◆ **YOUR TASK**: The first line of the entries below, the line containing "Definition sup_on (f", and every line between them should be repeated exactly, and nothing else.

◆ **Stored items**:
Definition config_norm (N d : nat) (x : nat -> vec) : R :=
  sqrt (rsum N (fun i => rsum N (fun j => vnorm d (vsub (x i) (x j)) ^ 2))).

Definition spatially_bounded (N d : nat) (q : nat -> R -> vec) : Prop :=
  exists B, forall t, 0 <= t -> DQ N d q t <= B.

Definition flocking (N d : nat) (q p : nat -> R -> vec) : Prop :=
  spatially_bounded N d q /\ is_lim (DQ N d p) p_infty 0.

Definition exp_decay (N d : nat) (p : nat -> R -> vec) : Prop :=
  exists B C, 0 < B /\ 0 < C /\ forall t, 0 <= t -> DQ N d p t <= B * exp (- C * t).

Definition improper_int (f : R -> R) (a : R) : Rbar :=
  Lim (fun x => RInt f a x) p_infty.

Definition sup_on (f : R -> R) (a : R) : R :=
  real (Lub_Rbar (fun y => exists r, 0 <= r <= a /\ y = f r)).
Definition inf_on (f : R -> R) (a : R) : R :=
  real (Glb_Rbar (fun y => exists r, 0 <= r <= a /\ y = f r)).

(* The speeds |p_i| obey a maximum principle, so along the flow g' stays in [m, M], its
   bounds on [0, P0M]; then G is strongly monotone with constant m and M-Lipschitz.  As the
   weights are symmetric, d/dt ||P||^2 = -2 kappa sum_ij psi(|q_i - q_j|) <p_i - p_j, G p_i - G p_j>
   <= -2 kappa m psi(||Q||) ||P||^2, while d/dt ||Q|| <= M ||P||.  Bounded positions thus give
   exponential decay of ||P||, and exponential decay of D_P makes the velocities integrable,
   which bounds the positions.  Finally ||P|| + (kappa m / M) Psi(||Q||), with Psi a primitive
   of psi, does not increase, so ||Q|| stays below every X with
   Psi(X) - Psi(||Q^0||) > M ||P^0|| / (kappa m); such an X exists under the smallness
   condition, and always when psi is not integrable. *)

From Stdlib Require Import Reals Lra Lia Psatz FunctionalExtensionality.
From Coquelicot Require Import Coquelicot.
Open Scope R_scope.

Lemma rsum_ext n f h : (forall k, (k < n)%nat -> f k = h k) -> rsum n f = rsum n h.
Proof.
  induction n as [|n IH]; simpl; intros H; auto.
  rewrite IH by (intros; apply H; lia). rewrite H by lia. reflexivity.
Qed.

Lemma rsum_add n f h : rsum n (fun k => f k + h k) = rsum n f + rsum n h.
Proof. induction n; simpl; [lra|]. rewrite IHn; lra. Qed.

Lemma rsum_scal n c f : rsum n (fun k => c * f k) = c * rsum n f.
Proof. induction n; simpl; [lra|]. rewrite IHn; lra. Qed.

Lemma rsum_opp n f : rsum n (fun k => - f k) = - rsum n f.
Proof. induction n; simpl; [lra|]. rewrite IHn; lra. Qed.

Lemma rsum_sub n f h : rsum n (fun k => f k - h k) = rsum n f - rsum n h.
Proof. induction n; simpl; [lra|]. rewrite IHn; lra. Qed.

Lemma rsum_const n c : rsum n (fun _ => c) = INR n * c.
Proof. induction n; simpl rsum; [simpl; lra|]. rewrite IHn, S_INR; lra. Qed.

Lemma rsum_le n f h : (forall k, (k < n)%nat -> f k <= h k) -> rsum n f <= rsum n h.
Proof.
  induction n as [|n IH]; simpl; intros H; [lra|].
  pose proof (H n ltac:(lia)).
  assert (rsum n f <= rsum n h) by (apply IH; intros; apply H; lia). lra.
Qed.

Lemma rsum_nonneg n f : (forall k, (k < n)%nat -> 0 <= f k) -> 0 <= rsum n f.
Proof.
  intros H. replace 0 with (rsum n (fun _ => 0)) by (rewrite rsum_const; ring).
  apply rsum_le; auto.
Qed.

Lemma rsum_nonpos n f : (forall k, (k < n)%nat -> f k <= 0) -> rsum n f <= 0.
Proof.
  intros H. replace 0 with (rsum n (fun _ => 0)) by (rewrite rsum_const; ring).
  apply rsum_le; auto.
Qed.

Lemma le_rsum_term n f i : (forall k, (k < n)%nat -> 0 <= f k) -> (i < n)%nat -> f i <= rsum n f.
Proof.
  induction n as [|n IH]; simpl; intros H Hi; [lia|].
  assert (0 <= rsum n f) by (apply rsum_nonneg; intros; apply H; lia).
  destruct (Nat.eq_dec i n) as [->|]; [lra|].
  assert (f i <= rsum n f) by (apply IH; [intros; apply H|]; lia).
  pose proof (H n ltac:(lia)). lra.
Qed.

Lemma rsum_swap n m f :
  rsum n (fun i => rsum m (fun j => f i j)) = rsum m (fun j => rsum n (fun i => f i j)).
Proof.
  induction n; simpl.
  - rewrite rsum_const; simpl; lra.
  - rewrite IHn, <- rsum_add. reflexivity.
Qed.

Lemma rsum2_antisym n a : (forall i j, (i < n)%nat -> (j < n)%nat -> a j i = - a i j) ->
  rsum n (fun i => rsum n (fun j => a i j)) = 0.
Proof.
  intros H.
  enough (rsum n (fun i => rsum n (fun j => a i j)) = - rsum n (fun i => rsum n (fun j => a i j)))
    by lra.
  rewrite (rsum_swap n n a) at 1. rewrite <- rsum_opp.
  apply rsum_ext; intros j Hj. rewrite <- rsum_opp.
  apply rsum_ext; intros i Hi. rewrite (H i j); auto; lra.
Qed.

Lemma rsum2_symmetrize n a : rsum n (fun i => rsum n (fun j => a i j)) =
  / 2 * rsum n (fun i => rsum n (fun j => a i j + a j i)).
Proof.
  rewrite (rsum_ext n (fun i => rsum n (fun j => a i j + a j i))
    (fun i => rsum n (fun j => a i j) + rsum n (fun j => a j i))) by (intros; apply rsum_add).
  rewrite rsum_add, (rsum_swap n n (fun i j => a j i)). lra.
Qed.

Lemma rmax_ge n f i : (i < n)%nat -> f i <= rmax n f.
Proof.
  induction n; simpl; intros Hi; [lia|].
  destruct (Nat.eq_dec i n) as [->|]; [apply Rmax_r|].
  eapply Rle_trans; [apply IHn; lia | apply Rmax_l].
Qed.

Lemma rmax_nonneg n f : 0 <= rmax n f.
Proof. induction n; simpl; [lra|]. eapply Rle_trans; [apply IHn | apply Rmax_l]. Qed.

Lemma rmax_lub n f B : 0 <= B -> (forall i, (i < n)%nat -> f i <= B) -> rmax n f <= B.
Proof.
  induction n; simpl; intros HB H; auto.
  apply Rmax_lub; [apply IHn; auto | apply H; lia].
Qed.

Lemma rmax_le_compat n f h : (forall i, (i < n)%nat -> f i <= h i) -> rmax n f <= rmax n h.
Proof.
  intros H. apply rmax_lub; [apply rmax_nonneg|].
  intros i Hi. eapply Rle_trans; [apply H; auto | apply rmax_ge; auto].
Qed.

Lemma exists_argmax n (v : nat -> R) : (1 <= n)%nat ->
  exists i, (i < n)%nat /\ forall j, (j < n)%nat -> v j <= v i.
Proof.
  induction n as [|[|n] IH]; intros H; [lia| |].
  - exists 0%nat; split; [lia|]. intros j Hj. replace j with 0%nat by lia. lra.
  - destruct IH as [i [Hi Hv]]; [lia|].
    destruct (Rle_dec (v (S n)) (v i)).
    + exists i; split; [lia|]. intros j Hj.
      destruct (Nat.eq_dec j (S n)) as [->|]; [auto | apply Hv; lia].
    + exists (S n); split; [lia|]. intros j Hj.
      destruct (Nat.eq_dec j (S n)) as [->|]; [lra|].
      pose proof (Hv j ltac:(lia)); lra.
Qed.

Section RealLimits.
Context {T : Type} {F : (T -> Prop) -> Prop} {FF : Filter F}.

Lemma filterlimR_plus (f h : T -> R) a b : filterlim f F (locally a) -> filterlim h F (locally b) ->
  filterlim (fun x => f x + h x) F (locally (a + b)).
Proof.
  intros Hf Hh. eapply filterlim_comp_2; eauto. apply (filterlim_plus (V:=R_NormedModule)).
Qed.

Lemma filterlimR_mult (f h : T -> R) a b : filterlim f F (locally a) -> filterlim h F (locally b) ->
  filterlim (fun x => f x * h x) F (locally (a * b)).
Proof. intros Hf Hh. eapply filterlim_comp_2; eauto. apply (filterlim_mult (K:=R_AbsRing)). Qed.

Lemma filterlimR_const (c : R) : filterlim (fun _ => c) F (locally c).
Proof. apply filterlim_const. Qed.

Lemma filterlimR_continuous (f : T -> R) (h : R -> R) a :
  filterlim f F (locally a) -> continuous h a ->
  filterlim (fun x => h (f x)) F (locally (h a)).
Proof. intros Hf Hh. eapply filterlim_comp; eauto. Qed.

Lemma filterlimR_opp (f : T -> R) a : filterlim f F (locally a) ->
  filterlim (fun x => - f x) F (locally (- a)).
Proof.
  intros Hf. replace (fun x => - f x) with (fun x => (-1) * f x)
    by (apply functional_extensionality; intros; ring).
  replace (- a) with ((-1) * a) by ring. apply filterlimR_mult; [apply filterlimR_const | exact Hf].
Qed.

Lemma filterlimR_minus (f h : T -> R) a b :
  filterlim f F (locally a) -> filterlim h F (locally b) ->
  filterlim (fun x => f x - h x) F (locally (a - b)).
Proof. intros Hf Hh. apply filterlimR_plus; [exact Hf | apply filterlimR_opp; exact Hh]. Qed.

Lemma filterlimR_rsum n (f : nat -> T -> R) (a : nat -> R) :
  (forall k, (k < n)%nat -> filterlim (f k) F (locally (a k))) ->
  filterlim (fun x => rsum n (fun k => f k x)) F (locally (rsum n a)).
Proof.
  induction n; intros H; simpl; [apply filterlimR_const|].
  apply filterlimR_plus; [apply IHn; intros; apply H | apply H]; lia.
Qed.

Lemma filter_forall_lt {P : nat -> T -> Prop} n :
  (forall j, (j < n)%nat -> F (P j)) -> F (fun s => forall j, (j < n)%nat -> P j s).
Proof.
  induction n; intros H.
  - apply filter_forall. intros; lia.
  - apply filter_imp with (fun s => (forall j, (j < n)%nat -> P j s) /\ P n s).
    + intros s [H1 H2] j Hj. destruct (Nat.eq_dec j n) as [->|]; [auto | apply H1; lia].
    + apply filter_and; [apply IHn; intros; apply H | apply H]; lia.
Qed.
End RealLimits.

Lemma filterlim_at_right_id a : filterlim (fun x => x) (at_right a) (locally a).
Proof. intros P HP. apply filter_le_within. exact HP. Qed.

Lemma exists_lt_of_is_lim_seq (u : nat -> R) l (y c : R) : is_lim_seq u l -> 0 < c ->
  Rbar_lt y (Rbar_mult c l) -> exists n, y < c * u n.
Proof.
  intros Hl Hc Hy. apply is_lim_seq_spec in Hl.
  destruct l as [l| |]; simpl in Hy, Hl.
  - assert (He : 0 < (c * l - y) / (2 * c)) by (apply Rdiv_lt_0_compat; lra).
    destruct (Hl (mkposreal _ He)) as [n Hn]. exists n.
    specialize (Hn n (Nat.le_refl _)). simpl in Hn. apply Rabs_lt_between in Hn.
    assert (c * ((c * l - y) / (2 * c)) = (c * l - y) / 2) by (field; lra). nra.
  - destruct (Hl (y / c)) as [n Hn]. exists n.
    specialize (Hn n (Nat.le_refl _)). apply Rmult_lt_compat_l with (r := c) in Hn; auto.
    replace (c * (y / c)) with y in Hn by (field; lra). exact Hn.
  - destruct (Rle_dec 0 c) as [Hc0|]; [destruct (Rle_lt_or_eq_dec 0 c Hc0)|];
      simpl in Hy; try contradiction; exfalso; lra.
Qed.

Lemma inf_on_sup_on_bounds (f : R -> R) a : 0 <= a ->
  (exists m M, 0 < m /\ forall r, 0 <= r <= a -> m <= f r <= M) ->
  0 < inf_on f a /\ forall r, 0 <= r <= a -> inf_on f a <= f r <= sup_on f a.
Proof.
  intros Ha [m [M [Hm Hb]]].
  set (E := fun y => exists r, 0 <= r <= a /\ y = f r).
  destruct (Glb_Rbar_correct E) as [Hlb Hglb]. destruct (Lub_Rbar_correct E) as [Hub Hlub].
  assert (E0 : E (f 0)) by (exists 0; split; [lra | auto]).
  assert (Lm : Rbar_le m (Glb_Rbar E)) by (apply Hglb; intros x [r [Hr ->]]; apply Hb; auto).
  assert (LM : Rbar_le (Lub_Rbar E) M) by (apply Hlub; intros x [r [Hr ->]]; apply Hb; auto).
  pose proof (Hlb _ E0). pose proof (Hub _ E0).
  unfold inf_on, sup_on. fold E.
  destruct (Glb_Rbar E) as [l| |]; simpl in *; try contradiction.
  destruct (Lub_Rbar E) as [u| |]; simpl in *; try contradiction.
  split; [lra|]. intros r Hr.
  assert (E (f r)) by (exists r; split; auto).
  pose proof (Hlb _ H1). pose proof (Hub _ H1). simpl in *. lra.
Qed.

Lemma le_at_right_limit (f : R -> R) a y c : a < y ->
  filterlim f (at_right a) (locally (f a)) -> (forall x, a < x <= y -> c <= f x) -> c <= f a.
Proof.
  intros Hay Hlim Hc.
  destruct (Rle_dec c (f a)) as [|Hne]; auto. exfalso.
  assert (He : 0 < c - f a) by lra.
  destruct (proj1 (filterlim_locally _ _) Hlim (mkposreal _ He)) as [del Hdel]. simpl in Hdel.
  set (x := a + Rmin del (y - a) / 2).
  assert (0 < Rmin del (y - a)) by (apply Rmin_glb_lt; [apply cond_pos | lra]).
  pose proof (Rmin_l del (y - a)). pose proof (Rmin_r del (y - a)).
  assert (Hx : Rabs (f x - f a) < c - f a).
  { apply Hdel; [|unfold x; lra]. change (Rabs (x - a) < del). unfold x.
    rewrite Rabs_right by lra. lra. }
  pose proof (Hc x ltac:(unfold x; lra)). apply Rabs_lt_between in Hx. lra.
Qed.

◆ **EXPECTED ANSWER**:
Definition config_norm (N d : nat) (x : nat -> vec) : R :=
  sqrt (rsum N (fun i => rsum N (fun j => vnorm d (vsub (x i) (x j)) ^ 2))).

Definition spatially_bounded (N d : nat) (q : nat -> R -> vec) : Prop :=
  exists B, forall t, 0 <= t -> DQ N d q t <= B.

Definition flocking (N d : nat) (q p : nat -> R -> vec) : Prop :=
  spatially_bounded N d q /\ is_lim (DQ N d p) p_infty 0.

Definition exp_decay (N d : nat) (p : nat -> R -> vec) : Prop :=
  exists B C, 0 < B /\ 0 < C /\ forall t, 0 <= t -> DQ N d p t <= B * exp (- C * t).

Definition improper_int (f : R -> R) (a : R) : Rbar :=
  Lim (fun x => RInt f a x) p_infty.

Definition sup_on (f : R -> R) (a : R) : R :=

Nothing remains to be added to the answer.